» The records:
**********

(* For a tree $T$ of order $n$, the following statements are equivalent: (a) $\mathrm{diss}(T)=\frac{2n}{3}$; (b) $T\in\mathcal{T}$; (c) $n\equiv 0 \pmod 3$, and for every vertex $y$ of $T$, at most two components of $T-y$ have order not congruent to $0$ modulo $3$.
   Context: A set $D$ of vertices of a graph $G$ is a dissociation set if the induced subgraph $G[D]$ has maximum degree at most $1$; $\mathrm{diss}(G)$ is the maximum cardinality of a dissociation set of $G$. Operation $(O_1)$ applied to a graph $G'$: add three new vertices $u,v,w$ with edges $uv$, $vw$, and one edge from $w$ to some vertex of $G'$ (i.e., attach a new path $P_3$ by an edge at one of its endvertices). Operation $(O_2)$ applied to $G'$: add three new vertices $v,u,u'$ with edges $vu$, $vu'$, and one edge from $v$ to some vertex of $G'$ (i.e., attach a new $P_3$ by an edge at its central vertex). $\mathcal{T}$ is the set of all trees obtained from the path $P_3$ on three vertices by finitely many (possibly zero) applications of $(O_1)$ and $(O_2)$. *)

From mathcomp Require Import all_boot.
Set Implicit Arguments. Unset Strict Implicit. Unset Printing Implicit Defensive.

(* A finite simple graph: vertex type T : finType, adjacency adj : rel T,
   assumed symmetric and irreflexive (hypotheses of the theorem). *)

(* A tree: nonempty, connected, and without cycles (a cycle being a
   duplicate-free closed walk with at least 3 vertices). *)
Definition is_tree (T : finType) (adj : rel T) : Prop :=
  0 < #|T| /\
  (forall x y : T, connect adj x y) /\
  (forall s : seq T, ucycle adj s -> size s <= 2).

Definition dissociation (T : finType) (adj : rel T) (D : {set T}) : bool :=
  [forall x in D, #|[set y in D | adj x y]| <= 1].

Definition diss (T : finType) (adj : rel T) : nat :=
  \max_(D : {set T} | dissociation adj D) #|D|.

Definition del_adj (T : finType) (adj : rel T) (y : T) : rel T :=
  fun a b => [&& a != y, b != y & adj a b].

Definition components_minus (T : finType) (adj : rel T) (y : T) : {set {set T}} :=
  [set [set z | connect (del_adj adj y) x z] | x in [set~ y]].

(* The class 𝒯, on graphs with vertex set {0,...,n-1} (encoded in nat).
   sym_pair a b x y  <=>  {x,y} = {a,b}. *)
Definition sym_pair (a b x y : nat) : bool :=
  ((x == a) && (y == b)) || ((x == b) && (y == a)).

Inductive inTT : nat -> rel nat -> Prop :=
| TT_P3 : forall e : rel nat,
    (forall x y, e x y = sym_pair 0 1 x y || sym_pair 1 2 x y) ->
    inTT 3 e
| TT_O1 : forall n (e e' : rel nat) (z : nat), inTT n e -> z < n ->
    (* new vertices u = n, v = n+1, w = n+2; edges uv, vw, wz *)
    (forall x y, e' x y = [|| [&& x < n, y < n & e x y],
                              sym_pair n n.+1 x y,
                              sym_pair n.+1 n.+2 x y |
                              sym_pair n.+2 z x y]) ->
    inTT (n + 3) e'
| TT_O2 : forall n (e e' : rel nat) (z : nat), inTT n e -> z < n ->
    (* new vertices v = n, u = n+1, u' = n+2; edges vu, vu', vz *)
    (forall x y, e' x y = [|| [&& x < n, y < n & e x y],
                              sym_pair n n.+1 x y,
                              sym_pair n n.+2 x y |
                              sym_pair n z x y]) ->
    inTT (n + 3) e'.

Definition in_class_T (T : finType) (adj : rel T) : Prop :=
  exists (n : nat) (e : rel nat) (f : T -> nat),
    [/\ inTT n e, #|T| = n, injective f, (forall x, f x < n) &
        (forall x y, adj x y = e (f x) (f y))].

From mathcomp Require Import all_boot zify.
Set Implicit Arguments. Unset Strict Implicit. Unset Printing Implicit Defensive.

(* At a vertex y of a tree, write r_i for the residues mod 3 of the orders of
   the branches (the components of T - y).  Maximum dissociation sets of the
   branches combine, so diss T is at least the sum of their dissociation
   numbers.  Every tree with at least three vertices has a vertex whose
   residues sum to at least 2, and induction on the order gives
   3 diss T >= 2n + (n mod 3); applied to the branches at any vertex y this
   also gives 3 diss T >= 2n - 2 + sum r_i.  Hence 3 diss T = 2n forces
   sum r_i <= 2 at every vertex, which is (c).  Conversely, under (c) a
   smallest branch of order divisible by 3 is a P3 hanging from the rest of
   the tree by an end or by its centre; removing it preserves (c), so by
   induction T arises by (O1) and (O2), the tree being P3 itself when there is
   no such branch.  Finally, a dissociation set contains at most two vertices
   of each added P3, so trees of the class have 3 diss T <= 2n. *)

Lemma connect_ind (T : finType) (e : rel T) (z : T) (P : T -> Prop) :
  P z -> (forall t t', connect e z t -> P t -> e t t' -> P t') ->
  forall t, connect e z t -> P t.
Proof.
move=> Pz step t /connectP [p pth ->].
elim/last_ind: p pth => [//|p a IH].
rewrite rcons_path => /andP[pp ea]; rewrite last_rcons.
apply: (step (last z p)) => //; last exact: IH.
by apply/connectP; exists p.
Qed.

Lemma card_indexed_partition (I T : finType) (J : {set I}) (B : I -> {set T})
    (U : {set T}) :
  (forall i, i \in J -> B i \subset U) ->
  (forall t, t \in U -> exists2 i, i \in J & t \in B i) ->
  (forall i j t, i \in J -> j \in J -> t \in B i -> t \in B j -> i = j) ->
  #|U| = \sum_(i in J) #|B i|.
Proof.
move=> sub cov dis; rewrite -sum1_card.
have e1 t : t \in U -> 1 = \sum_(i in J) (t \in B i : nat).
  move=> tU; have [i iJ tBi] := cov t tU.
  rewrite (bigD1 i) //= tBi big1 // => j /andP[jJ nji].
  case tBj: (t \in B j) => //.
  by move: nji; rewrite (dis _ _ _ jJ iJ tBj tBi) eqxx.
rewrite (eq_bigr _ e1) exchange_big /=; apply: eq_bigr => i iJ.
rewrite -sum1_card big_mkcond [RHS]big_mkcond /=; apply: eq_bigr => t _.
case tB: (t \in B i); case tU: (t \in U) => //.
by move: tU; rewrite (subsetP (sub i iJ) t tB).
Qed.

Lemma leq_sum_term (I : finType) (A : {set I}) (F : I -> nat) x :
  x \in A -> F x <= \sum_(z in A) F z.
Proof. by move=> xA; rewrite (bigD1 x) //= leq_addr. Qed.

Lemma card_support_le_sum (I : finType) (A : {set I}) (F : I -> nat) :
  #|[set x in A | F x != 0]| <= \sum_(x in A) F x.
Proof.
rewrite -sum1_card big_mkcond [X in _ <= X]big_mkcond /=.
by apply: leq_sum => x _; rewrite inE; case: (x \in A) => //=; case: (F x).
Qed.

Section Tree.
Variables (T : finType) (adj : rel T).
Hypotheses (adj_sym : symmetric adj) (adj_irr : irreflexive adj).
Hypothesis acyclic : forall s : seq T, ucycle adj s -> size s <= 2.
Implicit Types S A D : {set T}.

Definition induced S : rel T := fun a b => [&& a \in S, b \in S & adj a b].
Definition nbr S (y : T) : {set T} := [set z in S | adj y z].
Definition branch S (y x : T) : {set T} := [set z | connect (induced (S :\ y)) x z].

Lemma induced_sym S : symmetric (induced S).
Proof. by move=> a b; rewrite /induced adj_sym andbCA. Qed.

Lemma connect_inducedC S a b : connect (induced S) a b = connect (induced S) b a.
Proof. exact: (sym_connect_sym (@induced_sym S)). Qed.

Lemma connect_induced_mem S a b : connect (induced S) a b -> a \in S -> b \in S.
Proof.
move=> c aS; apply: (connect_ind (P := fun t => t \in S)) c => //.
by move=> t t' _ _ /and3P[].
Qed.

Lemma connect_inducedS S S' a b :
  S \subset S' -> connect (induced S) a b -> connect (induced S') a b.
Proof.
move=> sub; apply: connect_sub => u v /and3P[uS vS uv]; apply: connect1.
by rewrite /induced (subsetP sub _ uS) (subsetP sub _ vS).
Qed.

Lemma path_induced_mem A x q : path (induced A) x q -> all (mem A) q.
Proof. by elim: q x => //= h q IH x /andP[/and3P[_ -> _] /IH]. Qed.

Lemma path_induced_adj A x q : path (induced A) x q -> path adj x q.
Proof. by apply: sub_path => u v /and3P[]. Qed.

**********

» Work request:
Within the entries above, find the string "mathcomp" and return each line that holds it.

» Worked solution:
From mathcomp Require Import all_boot.
From mathcomp Require Import all_boot zify.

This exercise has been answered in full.